━━━━━ SOURCE RECORDS ━━━━━

Lemma Omega_whittaker : Om x = (2%:R * eta) *: F x + peval U H x.
Proof. by rewrite /Omega whittaker_x linearZ scalerA. Qed.

Lemma submodule_polyH_span A a :
  submodule E F H A -> A (Om x - a *: x) ->
  submodule E F H (fun v => exists g, A (v - peval g H x)).
Proof.
move=> A_sub A_Om; have [A0 AD AZ [AE AF AH]] := A_sub.
have Fx : F x = (2%:R * eta)^-1 *: (peval (a%:P - U) H x + (Om x - a *: x)).
  rewrite Omega_whittaker pevalB pevalC addrC subrKA addrK.
  by rewrite scalerA mulVf ?scale1r // mulf_neq0 ?pnatr_eq0.
split=> [|y z [g Ag] [h Ah]|b y [g Ag]|].
- by exists 0; rewrite peval0 subr0.
- by exists (g + h); rewrite pevalD opprD addrACA; apply: AD.
- by exists (b *: g); rewrite pevalZ -scalerBr; apply: AZ.
split=> y [g Ag].
- exists (eta *: (g \Po ('X + (-1)%:P))).
  by rewrite pevalZ -linearZ /= -whittaker_x -(peval_shift EH_shift) -linearB; apply: AE.
- exists ((2%:R * eta)^-1 *: ((g \Po ('X + 1%:P)) * (a%:P - U))).
  set c := (2%:R * eta)^-1; set g1 := g \Po _.
  have F_gx : F (peval g H x)
      = c *: (peval (g1 * (a%:P - U)) H x + peval g1 H (Om x - a *: x)).
    rewrite (peval_shift FH_shift) Fx (linearZ_LR (peval g1 H)).
    by rewrite (linearD (peval g1 H)) peval_mul.
  have := AD _ _ (AF _ Ag) (AZ c _ (submodule_pevalH g1 A_sub A_Om)).
  by rewrite (linearB F) F_gx pevalZ scalerDr opprD addrA subrK.
- by exists (g * 'X); rewrite peval_mulX -peval_comm -linearB; apply: AH.
Qed.

Lemma gen_whittaker_decomp A a :
  submodule E F H A -> A (Om x - a *: x) ->
  forall v, gen E F H x v -> exists g, A (v - peval g H x).
Proof.
move=> A_sub A_Om; apply: gen_min (submodule_polyH_span A_sub A_Om) _.
by exists 1; rewrite peval1 subrr; case: A_sub.
Qed.

Lemma quot_irreducible_whittaker A a :
  submodule E F H A -> A (Om x - a *: x) -> ~ A x ->
  quot_irreducible E F H A (gen E F H x).
Proof.
move=> A_sub A_Om Ax; split; first by exists x; split; first exact: gen_in.
move=> S S_sub AS S_gen.
have [[v [Sv Av]]|S_A] := classic (exists v, S v /\ ~ A v); last first.
  by left=> v Sv; apply: NNPP => Av; apply: S_A; exists v.
right; have [g Ag] := gen_whittaker_decomp A_sub A_Om (S_gen _ Sv).
have gH_neq0 : g != 0 by apply/eqP => g0; apply: Av; rewrite g0 peval0 subr0 in Ag.
have Sg : S (peval g H x).
  by have := submoduleB S_sub Sv (AS _ Ag); rewrite opprB addrC subrK.
exact: gen_min S_sub (submodule_peval_whittaker S_sub gH_neq0 Sg).
Qed.

End Casimir.

Section CyclicWhittakerModule.
Variables (f u : {poly C}) (V : lmodType C) (E F H : {linear V -> V}).
Hypothesis hfu : f = 2%:R^-1 *: (u \Po ('X + 1) - u).
Hypothesis hrel : Rrel f E F H.
Variables (eta : C) (w : V) (p : {poly C}) (n : nat).
Hypotheses (eta_neq0 : eta != 0) (p_irr : irreducible_poly p).
Hypotheses (hw : E w = eta *: w) (hcyc : forall v, gen E F H w v).
Hypothesis hZ : forall q : {poly C},
  (forall v, peval q (Omega u E F H) v = 0) <-> (p ^+ n %| q).
Local Notation Om := (Omega u E F H).
Local Notation x i := (peval (p ^+ i) Om w).

Lemma whittaker_pow i : E (x i) = eta *: x i.
Proof. by rewrite (peval_commute (Omega_E hfu hrel)) hw linearZ. Qed.

Lemma peval_pow k i : peval (p ^+ k) Om (x i) = x (k + i).
Proof. by rewrite -peval_mul exprD. Qed.

Lemma gen_pow_succ_subset i : subset_ (gen E F H (x i.+1)) (gen E F H (x i)).
Proof.
apply: gen_subset; rewrite -add1n -peval_pow.
exact: submodule_peval_Omega (gen_submodule E F H _) (@gen_in _ E F H _).
Qed.
Lemma qop_conj (x y z : Q) : qop x (qop y z) = qop (qop (qop x z) y) z.
Proof. by rewrite qdistr Qinv. Qed.

Lemma arc_rot_shift j z :
  qop (qop z (arc j.+1)) (arc j.+2) = qop (qop z (arc j)) (arc j.+1).
Proof. by rewrite arcSS -qdistr. Qed.

Lemma r_arc_rot j : qop (qop r (arc j)) (arc j.+1) = r.
Proof.
have rot0 i z : qop (qop z (arc i)) (arc i.+1) = qop (qop z (c 0)) (c 1).
  by elim: i => // i IH; rewrite arc_rot_shift IH.
case: rels => _ _ _ r'E rE.
by rewrite rot0 -(rot0 q) !arc_c // -r'E.
Qed.

Lemma r_arc j : qop r (arc j) = r'.
Proof.
have r_arcS i : qop r (arc i.+1) = qop r (arc i) by rewrite -{1}(r_arc_rot i) Qinv.
have r_arc0 i : qop r (arc i) = qop r (arc 0) by elim: i => // i IH; rewrite r_arcS.
case: rels => _ _ _ r'E _.
by rewrite r_arc0 -(r_arc0 q) arc_c.
Qed.

Lemma r'_arc j : qop r' (arc j) = r.
Proof. by rewrite -(r_arc j) Qinv. Qed.

Lemma r'_r : qop r' r = r'.
Proof. by rewrite -{1}(r_arc q) qdistr qidem -arc_addq r_arc. Qed.

Lemma r_r' : qop r r' = r.
Proof. by rewrite -{1}(r_arc q) qop_conj (r_arc q) r'_r r'_arc. Qed.

Local Open Scope ring_scope.
Local Notation Z := 'Z_(2 * q).

Definition arcZ (a : Z) : Q := arc a.

Lemma arcZ_nat j : arcZ j%:R = arc j.
Proof. by rewrite /arcZ val_Zp_nat ?arc_mod //; lia. Qed.

Lemma arcZ_rec k : arcZ (k + 2%:R) = qop (arcZ k) (arcZ (k + 1)).
Proof. by rewrite -[k]natr_Zp natr1 -natrD !arcZ_nat addn2. Qed.

Lemma arcZ_op a b : qop (arcZ a) (arcZ b) = arcZ (b *+ 2 - a).
Proof.
have := seq_reflect Qinv arcZ_rec (val (a - b)) b.
by rewrite natr_Zp addrC subrK => ->; congr arcZ; ring.
Qed.

Lemma arcZ_r a : qop (arcZ a) r = arcZ (a + half_turn q).
Proof.
by rewrite -[a in LHS]natr_Zp arcZ_nat -arc_addq -arcZ_nat natrD natr_Zp addrC.
Qed.

Lemma arcZ_r' a : qop (arcZ a) r' = arcZ (a + half_turn q).
Proof.
rewrite -(r_arc q) -arcZ_nat qop_conj !arcZ_op arcZ_r arcZ_op; congr arcZ.
by rewrite -[in RHS]opp_half_turn; ring.
Qed.

Definition arc_model (x : model q) : Q :=
  match x with inl a => arcZ a | inr b => if b then r' else r end.

Lemma arc_model_hom : quandle_hom arc_model.
Proof.
move=> [a|s] [b|t] /=.
- by rewrite arcZ_op.
- by case: t; rewrite ?arcZ_r ?arcZ_r'.
- by case: s => /=; [exact: esym (r'_arc _) | exact: esym (r_arc _)].
- by case: s; case: t; rewrite ?qidem ?r_r' ?r'_r.
Qed.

━━━━━

> DIRECTIONS FOR THIS TASK: In the answer, every line above should be retyped exactly.

> OUTPUT:
Lemma Omega_whittaker : Om x = (2%:R * eta) *: F x + peval U H x.
Proof. by rewrite /Omega whittaker_x linearZ scalerA. Qed.

Lemma submodule_polyH_span A a :
  submodule E F H A -> A (Om x - a *: x) ->
  submodule E F H (fun v => exists g, A (v - peval g H x)).
Proof.
move=> A_sub A_Om; have [A0 AD AZ [AE AF AH]] := A_sub.
have Fx : F x = (2%:R * eta)^-1 *: (peval (a%:P - U) H x + (Om x - a *: x)).
  rewrite Omega_whittaker pevalB pevalC addrC subrKA addrK.
  by rewrite scalerA mulVf ?scale1r // mulf_neq0 ?pnatr_eq0.
split=> [|y z [g Ag] [h Ah]|b y [g Ag]|].
- by exists 0; rewrite peval0 subr0.
- by exists (g + h); rewrite pevalD opprD addrACA; apply: AD.
- by exists (b *: g); rewrite pevalZ -scalerBr; apply: AZ.
split=> y [g Ag].
- exists (eta *: (g \Po ('X + (-1)%:P))).
  by rewrite pevalZ -linearZ /= -whittaker_x -(peval_shift EH_shift) -linearB; apply: AE.
- exists ((2%:R * eta)^-1 *: ((g \Po ('X + 1%:P)) * (a%:P - U))).
  set c := (2%:R * eta)^-1; set g1 := g \Po _.
  have F_gx : F (peval g H x)
      = c *: (peval (g1 * (a%:P - U)) H x + peval g1 H (Om x - a *: x)).
    rewrite (peval_shift FH_shift) Fx (linearZ_LR (peval g1 H)).
    by rewrite (linearD (peval g1 H)) peval_mul.
  have := AD _ _ (AF _ Ag) (AZ c _ (submodule_pevalH g1 A_sub A_Om)).
  by rewrite (linearB F) F_gx pevalZ scalerDr opprD addrA subrK.
- by exists (g * 'X); rewrite peval_mulX -peval_comm -linearB; apply: AH.
Qed.

Lemma gen_whittaker_decomp A a :
  submodule E F H A -> A (Om x - a *: x) ->
  forall v, gen E F H x v -> exists g, A (v - peval g H x).
Proof.
move=> A_sub A_Om; apply: gen_min (submodule_polyH_span A_sub A_Om) _.
by exists 1; rewrite peval1 subrr; case: A_sub.
Qed.

Lemma quot_irreducible_whittaker A a :
  submodule E F H A -> A (Om x - a *: x) -> ~ A x ->
  quot_irreducible E F H A (gen E F H x).
Proof.
move=> A_sub A_Om Ax; split; first by exists x; split; first exact: gen_in.
move=> S S_sub AS S_gen.
have [[v [Sv Av]]|S_A] := classic (exists v, S v /\ ~ A v); last first.
  by left=> v Sv; apply: NNPP => Av; apply: S_A; exists v.
right; have [g Ag] := gen_whittaker_decomp A_sub A_Om (S_gen _ Sv).
have gH_neq0 : g != 0 by apply/eqP => g0; apply: Av; rewrite g0 peval0 subr0 in Ag.
have Sg : S (peval g H x).
  by have := submoduleB S_sub Sv (AS _ Ag); rewrite opprB addrC subrK.
exact: gen_min S_sub (submodule_peval_whittaker S_sub gH_neq0 Sg).
Qed.

End Casimir.

Section CyclicWhittakerModule.
Variables (f u : {poly C}) (V : lmodType C) (E F H : {linear V -> V}).
Hypothesis hfu : f = 2%:R^-1 *: (u \Po ('X + 1) - u).
Hypothesis hrel : Rrel f E F H.
Variables (eta : C) (w : V) (p : {poly C}) (n : nat).
Hypotheses (eta_neq0 : eta != 0) (p_irr : irreducible_poly p).
Hypotheses (hw : E w = eta *: w) (hcyc : forall v, gen E F H w v).
Hypothesis hZ : forall q : {poly C},
  (forall v, peval q (Omega u E F H) v = 0) <-> (p ^+ n %| q).
Local Notation Om := (Omega u E F H).
Local Notation x i := (peval (p ^+ i) Om w).

Lemma whittaker_pow i : E (x i) = eta *: x i.
Proof. by rewrite (peval_commute (Omega_E hfu hrel)) hw linearZ. Qed.

Lemma peval_pow k i : peval (p ^+ k) Om (x i) = x (k + i).
Proof. by rewrite -peval_mul exprD. Qed.

Lemma gen_pow_succ_subset i : subset_ (gen E F H (x i.+1)) (gen E F H (x i)).
Proof.
apply: gen_subset; rewrite -add1n -peval_pow.
exact: submodule_peval_Omega (gen_submodule E F H _) (@gen_in _ E F H _).
Qed.
Lemma qop_conj (x y z : Q) : qop x (qop y z) = qop (qop (qop x z) y) z.
Proof. by rewrite qdistr Qinv. Qed.

Lemma arc_rot_shift j z :
  qop (qop z (arc j.+1)) (arc j.+2) = qop (qop z (arc j)) (arc j.+1).
Proof. by rewrite arcSS -qdistr. Qed.

Lemma r_arc_rot j : qop (qop r (arc j)) (arc j.+1) = r.
Proof.
have rot0 i z : qop (qop z (arc i)) (arc i.+1) = qop (qop z (c 0)) (c 1).
  by elim: i => // i IH; rewrite arc_rot_shift IH.
case: rels => _ _ _ r'E rE.
by rewrite rot0 -(rot0 q) !arc_c // -r'E.
Qed.

Lemma r_arc j : qop r (arc j) = r'.
Proof.
have r_arcS i : qop r (arc i.+1) = qop r (arc i) by rewrite -{1}(r_arc_rot i) Qinv.
have r_arc0 i : qop r (arc i) = qop r (arc 0) by elim: i => // i IH; rewrite r_arcS.
case: rels => _ _ _ r'E _.
by rewrite r_arc0 -(r_arc0 q) arc_c.
Qed.

Lemma r'_arc j : qop r' (arc j) = r.
Proof. by rewrite -(r_arc j) Qinv. Qed.

Lemma r'_r : qop r' r = r'.
Proof. by rewrite -{1}(r_arc q) qdistr qidem -arc_addq r_arc. Qed.

Lemma r_r' : qop r r' = r.
Proof. by rewrite -{1}(r_arc q) qop_conj (r_arc q) r'_r r'_arc. Qed.

Local Open Scope ring_scope.
Local Notation Z := 'Z_(2 * q).

Definition arcZ (a : Z) : Q := arc a.

Lemma arcZ_nat j : arcZ j%:R = arc j.
Proof. by rewrite /arcZ val_Zp_nat ?arc_mod //; lia. Qed.

Lemma arcZ_rec k : arcZ (k + 2%:R) = qop (arcZ k) (arcZ (k + 1)).
Proof. by rewrite -[k]natr_Zp natr1 -natrD !arcZ_nat addn2. Qed.

Lemma arcZ_op a b : qop (arcZ a) (arcZ b) = arcZ (b *+ 2 - a).
Proof.
have := seq_reflect Qinv arcZ_rec (val (a - b)) b.
by rewrite natr_Zp addrC subrK => ->; congr arcZ; ring.
Qed.

Lemma arcZ_r a : qop (arcZ a) r = arcZ (a + half_turn q).
Proof.
by rewrite -[a in LHS]natr_Zp arcZ_nat -arc_addq -arcZ_nat natrD natr_Zp addrC.
Qed.

Lemma arcZ_r' a : qop (arcZ a) r' = arcZ (a + half_turn q).
Proof.
rewrite -(r_arc q) -arcZ_nat qop_conj !arcZ_op arcZ_r arcZ_op; congr arcZ.
by rewrite -[in RHS]opp_half_turn; ring.
Qed.

Definition arc_model (x : model q) : Q :=
  match x with inl a => arcZ a | inr b => if b then r' else r end.

Lemma arc_model_hom : quandle_hom arc_model.
Proof.
move=> [a|s] [b|t] /=.
- by rewrite arcZ_op.
- by case: t; rewrite ?arcZ_r ?arcZ_r'.
- by case: s => /=; [exact: esym (r'_arc _) | exact: esym (r_arc _)].
- by case: s; case: t; rewrite ?qidem ?r_r' ?r'_r.
Qed.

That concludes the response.